О двойниках мы больше не говорили, но утром после завтрака у него, по-моему, даже лицо просветлело, когда снегоход наконец двинулся в путь. Вел его Мартин. Вано сидел рядом на откидном сиденье и руководил при помощи знаков. Я отстукал радиограмму в Мирный, перекинулся парой слов с дежурившим на радиостанции Колей Самойловым и записал сводку погоды. Она была вполне благоприятной для нашего возвращения: ясно, ветер слабый, морозец даже не подмосковный, а южный - два-три градуса ниже нуля.
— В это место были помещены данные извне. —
(* coefficients of w^4, ..., w^9 in the composition of the two cubic parts *)
Definition compose_tail (a2 a3 b1 b2 b3 : C) (k : nat) : C :=
  match k with
  | O => a2 * (b2 ^ 2 + 2 * b1 * b3) + 3 * a3 * b1 ^ 2 * b2
  | 1%nat => 2 * a2 * b2 * b3 + a3 * (3 * b1 * b2 ^ 2 + 3 * b1 ^ 2 * b3)
  | 2%nat => a2 * b3 ^ 2 + a3 * (b2 ^ 3 + 6 * b1 * b2 * b3)
  | 3%nat => a3 * (3 * b2 ^ 2 * b3 + 3 * b1 * b3 ^ 2)
  | 4%nat => 3 * a3 * b2 * b3 ^ 2
  | 5%nat => a3 * b3 ^ 3
  | _ => 0
  end.

(* f3 v - f3 p = (v - p) Q(v, p), f3 and p being the cubic parts of f and g *)
Lemma compose_defect_identity (a2 a3 b1 b2 b3 w v : C) :
  let p := b1 * w + b2 * w ^ 2 + b3 * w ^ 3 in
  compose_defect a2 a3 b1 b2 b3 w =
  - (w - (v + a2 * v ^ 2 + a3 * v ^ 3))
  - (v - p) * (1 + a2 * (v + p) + a3 * (v ^ 2 + v * p + p ^ 2))
  - w ^ 4 * csum (fun k => compose_tail a2 a3 b1 b2 b3 k * w ^ k) 5.
Proof. intros p. unfold p, compose_defect, compose_tail. simpl csum. ring. Qed.

Lemma compose_defect_bound (a2 a3 b1 b2 b3 v : C) (t V Ka Kb : R) :
  let w := RtoC t in let p := b1 * w + b2 * w ^ 2 + b3 * w ^ 3 in
  (0 < t <= 1)%R -> (Cmod v <= V * t)%R -> (Cmod b1 + Cmod b2 + Cmod b3 <= V)%R ->
  (Cmod (v - p) <= Kb * t ^ 4)%R -> (0 <= Kb)%R ->
  (Cmod (w - (v + a2 * v ^ 2 + a3 * v ^ 3)) <= Ka * t ^ 4)%R ->
  (Cmod (compose_defect a2 a3 b1 b2 b3 w)
     <= (Ka + Kb * (1 + Cmod a2 * (2 * V) + Cmod a3 * (3 * V ^ 2))
         + rsum (fun k => Cmod (compose_tail a2 a3 b1 b2 b3 k)) 5) * t ^ 4)%R.
Proof.
  intros w p Ht Hv HV Hvp HKb Hf.
  assert (Hw : Cmod w = t) by (unfold w; rewrite Cmod_R, Rabs_pos_eq; lra).
  assert (Hpos := Cmod_ge_0 v). assert (Hp0 := Cmod_ge_0 p).
  assert (Hp : (Cmod p <= V * t)%R).
  { assert (T := Cmod_cubic_le b1 b2 b3 t ltac:(lra)). fold w p in T. nra. }
  assert (HVt : (V * t <= V)%R) by nra.
  assert (HQ : (Cmod (1 + a2 * (v + p) + a3 * (v ^ 2 + v * p + p ^ 2))
                <= 1 + Cmod a2 * (2 * V) + Cmod a3 * (3 * V ^ 2))%R).
  { eapply Rle_trans; [apply Cmod_triangle3|]. rewrite Cmod_1, !Cmod_mult.
    assert (A1 : (Cmod (v + p) <= 2 * V)%R) by (eapply Rle_trans; [apply Cmod_triangle|]; lra).
    assert (A2 : (Cmod (v ^ 2 + v * p + p ^ 2) <= 3 * V ^ 2)%R).
    { eapply Rle_trans; [apply Cmod_triangle3|]. rewrite !Cmod_pow, Cmod_mult. simpl. nra. }
    assert (T1 := Cmod_ge_0 a2). assert (T2 := Cmod_ge_0 a3).
    apply Rplus_le_compat; [apply Rplus_le_compat_l|]; apply Rmult_le_compat_l; assumption. }
  assert (HR : (Cmod (w ^ 4 * csum (fun k => compose_tail a2 a3 b1 b2 b3 k * w ^ k) 5)%C
                <= t ^ 4 * rsum (fun k => Cmod (compose_tail a2 a3 b1 b2 b3 k)) 5)%R).
  { rewrite Cmod_mult, Cmod_pow, Hw. apply Rmult_le_compat_l; [apply pow_le; lra|].
    apply csum_poly_bound. lra. }
  rewrite (compose_defect_identity a2 a3 b1 b2 b3 w v). fold p.
  unfold Cminus. eapply Rle_trans; [apply Cmod_triangle3|]. rewrite !Cmod_opp, Cmod_mult.
  assert (Cmod (v - p) * Cmod (1 + a2 * (v + p) + a3 * (v ^ 2 + v * p + p ^ 2))
          <= Kb * t ^ 4 * (1 + Cmod a2 * (2 * V) + Cmod a3 * (3 * V ^ 2)))%R
    by (apply Rmult_le_compat; [apply Cmod_ge_0 | apply Cmod_ge_0 | exact Hvp | exact HQ]).
  unfold Cminus in *. nra.
Qed.

Section LocalInverse.
Variables a b : ps.
Hypothesis Hab : in_Sigma a b.

Lemma inverse_coef_0 : b 0%nat = 0.
Proof.
  destruct Hab as [Ha0 [_ [[HaA HaU] [[HbA _] [r0 [Hr0 Hinv]]]]]].
  assert (H0 : inDisk (RtoC 0)) by (unfold inDisk; rewrite Cmod_0; lra).
  destruct (HbA (RtoC 0) H0) as [v Hv].
  assert (Ev := is_pseries_at_0 b v HbA Hv).
  destruct (Hinv (RtoC 0) v) as [Hvd Hva]; [rewrite Cmod_0; exact Hr0 | exact Hv |].
  destruct (HaA (RtoC 0) H0) as [u Hu].
  assert (Eu := is_pseries_at_0 a u HaA Hu). rewrite Ha0 in Eu. subst u.
  rewrite <- Ev. exact (HaU v (RtoC 0) (RtoC 0) Hvd H0 Hva Hu).
Qed.

(* f(g(w)) = w near 0, and the cubic parts of f and g agree with f and g up to O(w^4). *)
Lemma inverse_compose_defect_small :
  exists K d, (0 < d)%R /\ forall t, (0 < t < d)%R ->
    (Cmod (compose_defect (a 2%nat) (a 3%nat) (b 1%nat) (b 2%nat) (b 3%nat) (RtoC t))
       <= K * t ^ 4)%R.
Proof.
  destruct Hab as [Ha0 [Ha1 [[HaA _] [[HbA _] [r0 [Hr0 Hinv]]]]]].
  destruct (pseries_cubic_remainder a HaA) as [Ka [HKa HTa]].
  destruct (pseries_cubic_remainder b HbA) as [Kb [HKb HTb]].
  set (V := (Cmod (b 1%nat) + Cmod (b 2%nat) + Cmod (b 3%nat) + Kb)%R).
  assert (HV : (0 <= V)%R).
  { unfold V. assert (T1 := Cmod_ge_0 (b 1%nat)). assert (T2 := Cmod_ge_0 (b 2%nat)).
    assert (T3 := Cmod_ge_0 (b 3%nat)). lra. }
  set (d := Rmin (Rmin (1/4) (r0 / 2)) (1 / (4 * (V + 1)))).
  assert (Hd : (0 < d)%R).
  { apply Rmin_glb_lt; [apply Rmin_glb_lt; lra | apply Rdiv_lt_0_compat; lra]. }
  assert (Hd1 : (d <= 1/4)%R) by (eapply Rle_trans; [apply Rmin_l | apply Rmin_l]).
  assert (Hd2 : (d <= r0 / 2)%R) by (eapply Rle_trans; [apply Rmin_l | apply Rmin_r]).
  assert (Hd3 : (d * (4 * (V + 1)) <= 1)%R).
  { assert (H := Rmin_r (Rmin (1/4) (r0 / 2)) (1 / (4 * (V + 1)))). fold d in H.
    apply Rmult_le_reg_r with (/ (4 * (V + 1)))%R; [apply Rinv_0_lt_compat; lra|].
    rewrite Rmult_assoc, Rinv_r by lra. unfold Rdiv in H. lra. }
  eexists. exists d. split; [exact Hd|]. intros t Ht.
  set (w := RtoC t).
  assert (Hw : Cmod w = t) by (unfold w; rewrite Cmod_R, Rabs_pos_eq; lra).
  destruct (HbA w) as [v Hv]; [unfold inDisk; lra|]. change C in v.
  destruct (Hinv w v) as [_ Hva]; [lra | exact Hv |].
  set (p := b 1%nat * w + b 2%nat * w ^ 2 + b 3%nat * w ^ 3).
  assert (Hvp : (Cmod (v - p) <= Kb * t ^ 4)%R).
  { assert (Tb := HTb w v ltac:(lra) Hv).
    unfold cubic_part in Tb. rewrite inverse_coef_0, Hw, Cplus_0_l in Tb. exact Tb. }
  assert (Hp := Cmod_cubic_le (b 1%nat) (b 2%nat) (b 3%nat) t ltac:(lra)). fold w p in Hp.
  assert (Hvt : (Cmod v <= V * t)%R).
  { assert (T := Cmod_le_plus v (- p)). rewrite Cmod_opp in T.
    assert (t ^ 4 <= t ^ 1)%R by (apply pow_le_pow_of_le_1; lra || lia).
    unfold V. simpl in *. unfold Cminus in Hvp. nra. }
  assert (Hf : (Cmod (w - (v + a 2%nat * v ^ 2 + a 3%nat * v ^ 3)) <= Ka * V ^ 4 * t ^ 4)%R).
  { assert (Ta := HTa v w ltac:(nra) Hva).
    unfold cubic_part in Ta. rewrite Ha0, Ha1, Cplus_0_l, Cmult_1_l in Ta.
    eapply Rle_trans; [exact Ta|]. rewrite Rmult_assoc. apply Rmult_le_compat_l; [exact HKa|].
    rewrite <- Rpow_mult_distr. apply pow_incr. split; [apply Cmod_ge_0 | exact Hvt]. }
  assert (Ht1 : (0 < t <= 1)%R) by lra.
  assert (HbV : (Cmod (b 1%nat) + Cmod (b 2%nat) + Cmod (b 3%nat) <= V)%R) by (unfold V; lra).
  exact (compose_defect_bound _ _ _ _ _ v t V (Ka * V ^ 4) Kb Ht1 Hvt HbV Hvp HKb Hf).
Qed.

Lemma inverse_low_coefs :
  b 1%nat = 1 /\ b 2%nat = - a 2%nat /\ b 3%nat = 2 * a 2%nat ^ 2 - a 3%nat.
Proof.
  destruct inverse_compose_defect_small as [K [d [Hd Hsmall]]].
  destruct (cubic_eq_0_of_small _ _ _ K d Hd Hsmall) as [E1 [E2 E3]].
  assert (B1 : b 1%nat = 1) by (rewrite <- (Cplus_0_l 1), <- E1; ring).
  rewrite B1 in E2, E3.
  assert (B2 : b 2%nat = - a 2%nat) by (rewrite <- (Cplus_0_l (- a 2%nat)), <- E2; ring).
  rewrite B2 in E3. split; [exact B1|]. split; [exact B2|].
  rewrite <- (Cplus_0_l (2 * a 2%nat ^ 2 - a 3%nat)), <- E3. ring.
Qed.

End LocalInverse.

(** * The coefficient estimates *)

Lemma in_class_coefficient_system (q : R) (eta : C) (mu lam : R) (E a : ps) :
  (0 < q < 1)%R -> E 1%nat <> 0 -> in_class q eta mu lam E a ->
  let x := qnat q 2 in let y := qnat q 3 in
  let M2 := (mu - (mu - 1) * x)%R in
  let M3 := (mu - (mu - 1) * y)%R in
  let N := (mu - (mu - 1) * x ^ 2)%R in
  let P := RtoC ((lam * y - 1) * M3) * Lq q eta 3 in
  let B := RtoC (lam * x ^ 2 * (lam * M2 ^ 2 - N) / 2) * Lq q eta 2 ^ 2 in
  exists c1 c2 d2,
    (Cmod c1 <= 1)%R /\ (Cmod c2 <= 1 - Cmod c1 ^ 2)%R /\ (Cmod d2 <= 1 - Cmod c1 ^ 2)%R /\
    RtoC (lam * x * M2) * Lq q eta 2 * a 2%nat = E 1%nat * c1 /\
    P * a 3%nat + B * a 2%nat ^ 2 = E 1%nat * c2 + E 2%nat * c1 ^ 2 /\
    P * (2 * a 2%nat ^ 2 - a 3%nat) + B * a 2%nat ^ 2 = E 1%nat * d2 + E 2%nat * c1 ^ 2.
Proof.
  intros Hq HE1 [b [Hab [[h [hA [h0 [hD hE]]]] [k [kA [k0 [kD kE]]]]]]] x y M2 M3 N P B.
  destruct (inverse_low_coefs a b Hab) as [Hb1 [Hb2 Hb3]].
  assert (Ha1 : a 1%nat = 1) by apply Hab.
  destruct (Sexpr_low_coefs q mu lam (Jq q eta a) Hq Ha1) as [Sa1 Sa2].
  destruct (Sexpr_low_coefs q mu lam (Jq q eta b) Hq Hb1) as [Sb1 Sb2].
  destruct (pscomp_low_coefs E h h0) as [Ca1 Ca2].
  destruct (pscomp_low_coefs E k k0) as [Cb1 Cb2].
  destruct (schur_coef_bounds h (conj hA (conj h0 hD))) as [Hh1 Hh2].
  destruct (schur_coef_bounds k (conj kA (conj k0 kD))) as [Hk1 Hk2].
  change (Jq q eta a 2%nat) with (Lq q eta 2 * a 2%nat) in Sa1, Sa2.
  change (Jq q eta a 3%nat) with (Lq q eta 3 * a 3%nat) in Sa2.
  change (Jq q eta b 2%nat) with (Lq q eta 2 * b 2%nat) in Sb1, Sb2.
  change (Jq q eta b 3%nat) with (Lq q eta 3 * b 3%nat) in Sb2.
  rewrite hE, Ca1 in Sa1. rewrite hE, Ca2 in Sa2.
  rewrite kE, Cb1, Hb2 in Sb1. rewrite kE, Cb2, Hb2, Hb3 in Sb2.
  assert (Hk1c : k 1%nat = - h 1%nat).
  { assert (Z : E 1%nat * (k 1%nat + h 1%nat) = 0)
      by (rewrite Cmult_plus_distr_l, Sb1, Sa1; ring).
    apply Cmult_integral in Z as [Z|Z]; [contradiction|].
    rewrite <- (Cplus_0_l (- h 1%nat)), <- Z. ring. }
  rewrite Hk1c, Cmod_opp in Hk2.
  exists (h 1%nat), (h 2%nat), (k 2%nat).
  repeat split; try assumption.
  - rewrite Sa1. fold x y M2 M3 N. ring.
  - rewrite Sa2. fold x y M2 M3 N. unfold P, B. ring.
  - replace (E 2%nat * h 1%nat ^ 2) with (E 2%nat * k 1%nat ^ 2) by (rewrite Hk1c; ring).
    rewrite Sb2. fold x y M2 M3 N. unfold P, B. ring.
Qed.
Но молчание в кабине тяготило, как ссора, и я наконец не выдержал.
- У меня вопрос, Борис Аркадьевич. Почему мы все-таки не радируем подробности?
- А что бы вы хотели радировать?
- Все. Что случилось со мной, с Вано. Что мы узнали о розовых облаках. Что я заснял на кинопленку.
- А как, вы думаете, должен быть написан такой рассказ?- спросил в ответ Зернов.- С психологическими нюансами, с анализом ощущений, с подтекстом, если хотите. К сожалению, у меня для этого таланта нет: я не писатель. Да и у вас, я думаю, не выйдет при всем вашем воображении, даже при всей игривости ваших гипотез. А изложить все это телеграфным кодом - получатся записки сумасшедшего.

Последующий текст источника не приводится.